Re: Combined Yorùbá characters with dot below and tonal diacritics

Philippe Verdy verdy_p at
Thu Apr 16 11:21:23 CDT 2015

2015-04-15 17:59 GMT+02:00 Doug Ewell <doug at>:

> Luis de la Orden <webalorixa at gmail dot com> wrote:
> > But with regards to the ALt-Gr, there it goes my innocence and feeling
> > of accomplishment :)), I had everything linked to the Alt-Gr key and
> > did exactly as Ilya said... MS Word is fine, but very specialised
> > software such as Photoshop are a pain as their power-user shortcuts
> > all use ALT-Gr indeed.
> It's true that some very popular software packages define their own
> Alt+key or Ctrl+Alt+key combinations, and keyboard layouts that use the
> same combinations (as AltGr+key) will conflict with them. I just annoyed
> a colleague the other day because my keyboard layout (John Cowan's
> delightful Moby Latin [1]) co-opts one of his favorite Visual Studio
> shortcuts; he tried to build a project and got U+2022 BULLET instead.
> But there are also a lot of keyboard layouts worldwide that do use AltGr
> keys. There are only so many keys on a standard keyboard, and if you're
> designing a layout and you've made all the tough choices and you still
> need to find room for more characters, you pretty much have to go to
> AltGr.
> It helps to educate users of such a keyboard layout, especially
> Americans, that the left and right Alt keys aren't the same. Americans
> tend not to expect this, because the standard U.S. keyboard doesn't use
> AltGr at all and the key isn't marked as such.

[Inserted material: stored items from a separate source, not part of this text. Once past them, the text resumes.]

Lemma continuous_sup_image (H : set (vietoris X)) :
  (forall A, H A -> A !=set0) ->
  continuous (fun A : set_type H => sup (f @` set_val A)).
Proof.
move=> H0 A; apply/(@cvgrPdist_lt _ _ _ _ (nbhs_filter A)) => e e0.
have A0 := H0 _ (set_mem (valP A)).
have near_val P :
    (\forall B \near set_val A, P B) -> \forall B \near A, P (set_val B).
  exact: initial_continuous.
set s := sup (f @` set_val A).
have lt_e : s - e < s by lra.
have gt_e : s < s + e by lra.
have near_gt := near_val _ (near_vietoris_sup_gt A0 lt_e).
have near_lt := near_val _ (near_vietoris_sup_lt gt_e).
apply: (@filterS _ _ (nbhs_filter A) _ _ _ (filterI near_gt near_lt)).
move=> B [gtB /(_ (H0 _ (set_mem (valP B)))) ltB].
by rewrite ltr_distlC gtB ltB.
Qed.

End vietoris_sup.

Lemma continuous_inf_image (R : realType) (X : topologicalType)
  (f : X -> R) (m : R) (H : set (vietoris X)) :
  continuous f -> (forall y, m <= f y) -> (forall A, H A -> A !=set0) ->
  continuous (fun A : set_type H => inf (f @` set_val A)).
Proof.
move=> fc fm H0; under eq_fun do rewrite /inf image_comp.
have nfc : continuous (-%R \o f) by move=> y; apply: cvgN; exact: fc.
have nfm y : (-%R \o f) y <= - m by rewrite /= lerN2.
move=> A; apply: cvgN; first exact: nbhs_filter.
exact: (@continuous_sup_image _ _ _ _ nfc nfm _ H0 A).
Qed.

Lemma cozero_max0 (R : realType) (T : Type) (g : T -> R) :
  cozero (fun t => Num.max (g t) 0) = [set t | 0 < g t].
Proof.
apply/seteqP; split=> t; rewrite /cozero /=.
  by apply: contraNT; rewrite -leNgt => g0; rewrite max_r.
by move=> g0; rewrite max_l ?ltW ?gt_eqF.
Qed.

Lemma F'_space_closure_sign_disjoint (R : realType) (T : topologicalType)
  (e : T -> R) :
  F'_space R T -> continuous e ->
  closure [set t | 0 < e t] `&` closure [set t | e t < 0] = set0.
Proof.
move=> [_ F'T] ec.
have pos_part (g : T -> R) :
    continuous g -> continuous (fun t => Num.max (g t) 0).
  by move=> gc t; exact: (continuous_max (gc t) (cvg_cst (0 : R^o))).
have -> : [set t | e t < 0] = [set t | 0 < - e t].
  by apply/seteqP; split=> t /=; rewrite oppr_gt0.
rewrite -!cozero_max0; apply: F'T; [exact: pos_part | |].
  by apply: pos_part => t; apply: cvgN; exact: ec.
by rewrite !cozero_max0; apply/seteqP; split=> // t /= [e0]; rewrite oppr_gt0; lra.
Qed.
(* Let $n\ge2$ be an integer, $l_k=\pi k/n$, $S_n=\sum_{k=1}^{n-1}\csc l_k$, $c_k=\cos\frac{\pi(2k-1)}{2n}$, $\sigma_k(\phi)=(1-c_k^2\cos^2\phi)^{1/2}$, and $V(\phi)=\frac{S_n}{4\cos\phi}+\frac14\sum_{k=1}^n\frac{1}{\sigma_k(\phi)}$ for $\phi\in(-\pi/2,\pi/2)$. Then $V$ has exactly three critical points in $(-\pi/2,\pi/2)$, all non-degenerate; they are $-\phi_R,0,\phi_R$ with $\phi_R\in(0,\pi/4)$.
   Context: $V$ is the shape potential, in Devaney-type coordinates $(q_1,q_2)=r(\cos\phi,2\sin\phi)$, of the spatial double-polygon problem ($2n$ unit masses forming two congruent regular $n$-gons in parallel horizontal planes, centered on the $z$-axis and twisted relative to each other). *)

From Stdlib Require Import Reals Lra.
From Coquelicot Require Import Coquelicot.
Open Scope R_scope.

Definition lk (n k : nat) : R := PI * INR k / INR n.

Definition Sn (n : nat) : R := sum_n_m (fun k => / sin (lk n k)) 1 (n - 1).

Definition ck (n k : nat) : R := cos (PI * (2 * INR k - 1) / (2 * INR n)).

Definition sigmak (n k : nat) (phi : R) : R := sqrt (1 - (ck n k)^2 * (cos phi)^2).

Definition V (n : nat) (phi : R) : R :=
  Sn n / (4 * cos phi) + / 4 * sum_n_m (fun k => / sigmak n k phi) 1 n.

Definition critical_point (f : R -> R) (phi : R) : Prop := is_derive f phi 0.

Definition nondegenerate (f : R -> R) (phi : R) : Prop :=
  exists l : R, is_derive (Derive f) phi l /\ l <> 0.

(* Put K := (S_n / cos^2 - cos * sum_k c_k^2 / sigma_k^3) / 4.  Then V' = sin * K and
   K' = sin * M with M > 0 on (-pi/2, pi/2), so K is even and strictly increasing on
   (0, pi/2).  Since K(0) < 0 < K(pi/4), K has exactly one root phi_R in (0, pi/4) and the
   critical points of V are 0 and +-phi_R; there V'' = cos * K + sin^2 * M is K(0) < 0,
   resp. sin^2 * M > 0.  K(0) < 0 compares S_n <= (n - 1) / sin(pi/n) with the k = 1 term
   of the sum; K(pi/4) > 0 uses S_n >= n - 1 and sum_k c_k^2 = n/2. *)

From Stdlib Require Import Reals Lra Lia.
From Coquelicot Require Import Coquelicot.
Open Scope R_scope.

Lemma sum_n_m_le_loc (f g : nat -> R) (m p : nat) :
  (forall k, (m <= k <= p)%nat -> f k <= g k) -> sum_n_m f m p <= sum_n_m g m p.
Proof.
  intros H.
  rewrite (sum_n_m_ext_loc f (fun k => Rmin (f k) (g k))).
  - apply sum_n_m_le. intros k. apply Rmin_r.
  - intros k hk. symmetry. apply Rmin_left, H, hk.
Qed.
Lemma at_least_le s s' (P : T -> Prop) : s' <= s -> at_least s P -> at_least s' P.
Proof.
move=> le_s's [f [fi fP]]; exists (fun i => f (widen_ord le_s's i)); split=> // i j.
by move/fi/(congr1 val) => /= /val_inj.
Qed.

Lemma at_least_cons s (P : T -> Prop) a :
  P a -> at_least s (fun x => P x /\ x <> a) -> at_least s.+1 P.
Proof.
move=> Pa [f [fi fP]].
exists (fun i => if unlift ord0 i is Some j then f j else a); split.
  move=> i j; case: unliftP => [i' ->|->]; case: unliftP => [j' ->|->] //.
  - by move/fi ->.
  - by have [_] := fP i'.
  - by move=> /esym; have [_] := fP j'.
by move=> i; case: unliftP => [j _|_] //; have [] := fP j.
Qed.

Lemma at_least_del s (P : T -> Prop) a :
  at_least s.+1 P -> at_least s (fun x => P x /\ x <> a).
Proof.
move=> [f [fi fP]].
have [i0 lift_neq_a] : exists i0, forall j, f (lift i0 j) <> a.
  case: (pselect (exists i, f i = a)) => [[i0 <-]|no_a].
    by exists i0 => j /fi /eqP; rewrite eq_sym (negbTE (neq_lift _ _)).
  by exists ord0 => j E; apply: no_a; exists (lift ord0 j).
by exists (fun j => f (lift i0 j)); split=> [i j /fi /lift_inj|j].
Qed.

Lemma at_least_pick s (P : T -> Prop) :
  at_least s.+1 P -> exists a, P a /\ at_least s (fun x => P x /\ x <> a).
Proof. by move=> H; have [f [_ fP]] := H; exists (f ord0); split; last exact: at_least_del. Qed.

Another candidate key for modifiers that you can use on PC keyboards is the
useless "NumLock" key on 101/102-keys keyboards (there's actually no need
to switch the working mode of the numeric keypad, given you have also a
separate set of keys for cursor movements, which remain active
independantly of the NumLock setting).

So this NumLock can be reused as another modifier (e.g. to support input in
Japanese without a physical Japanese keyboard). Of course this will not
work if your connected keyboard does not have a separate numpad but you
need to share it with cursor keys.

Some keyboard layouts also use ScrollLock for similar purpose (but this
function key is frequently not easy to access on notebooks where you
activate it by using the "Fn" key plus another function key. NumLock in
that case remains more accessible as it will remain under a single
keystroke. Several keyboard drivers (e.g. Logitech) have settings that
disable ScrollLock by default (or that recommend disabling it...), a good
sign that this function is useless in standard layouts, but more useful for
extended layouts (in that case don't disable it in the device control

Outside physical keyboards, for virtual touch keyboards there's no such
limitation, and these layouts can have much more freedom in how they will
switch their visible panels in various input modes. Many more facilities
can be integrated, including faciltiies specific to the application having
the input focus (they don't necessarily have to modify the virtual driver
of the OS, they can provide these faciltiies directly in their own
application UI, but the OS-provided virtual keyboard facility can provide a
space for such application-specific customizations of the touch panel). For
these virtual panels, even common modifiers like CapsLock, Shift, Control,
or Numlock are not productive, as the proposed lists of characters may be
arranged in very different groups or input modes and with more choice in
terms of geometry. However these applications providing custom UI should
propose clear mappings to other common input devices, including physical
keyboards and mouse or other pointing devices. These interfaces should also
not assume that alternate devices will be able to emulate a multitouch
capability (with multiple pointing positions on screen)

On touch interfaces, the "AltGr" modifier itself does not have any meaning.
It is more important for the layout to offer the best selections of
characters for the current language, and offer extended subsets with some
logical groupings that make sense for that language, but we are not limited
to just 2 or 3 "modifier" keys (for example long presses or clicks on a
basic virtual key can open a popup panel that contains dozens characters to
choose from, and contextual input can also predispose the most common or
most recent choice in some easy position without having to look for other
panels). Virtual onscreen keyboards (not necessarily on touch screens
because you may also point and click in them) are in fact acting more like
an IME than a traditional keyboard

These virtual keyboards are in fact true applications with a visual UI,
accessible with several other input devices: a tactile area, possibly
multitouch, pointing devices, physical keyboards, or other sensors. These
applications process all these inputs, present some selections, present the
result to be sent to other applications, and they will send these results
either by emulating standard keyboard events, or mouse events, or even
image captures, or clipboard contents to be pasted in other applications.
These IME can also be desigend to manage completely the content of an
external input control widget, becoming their standard text editor.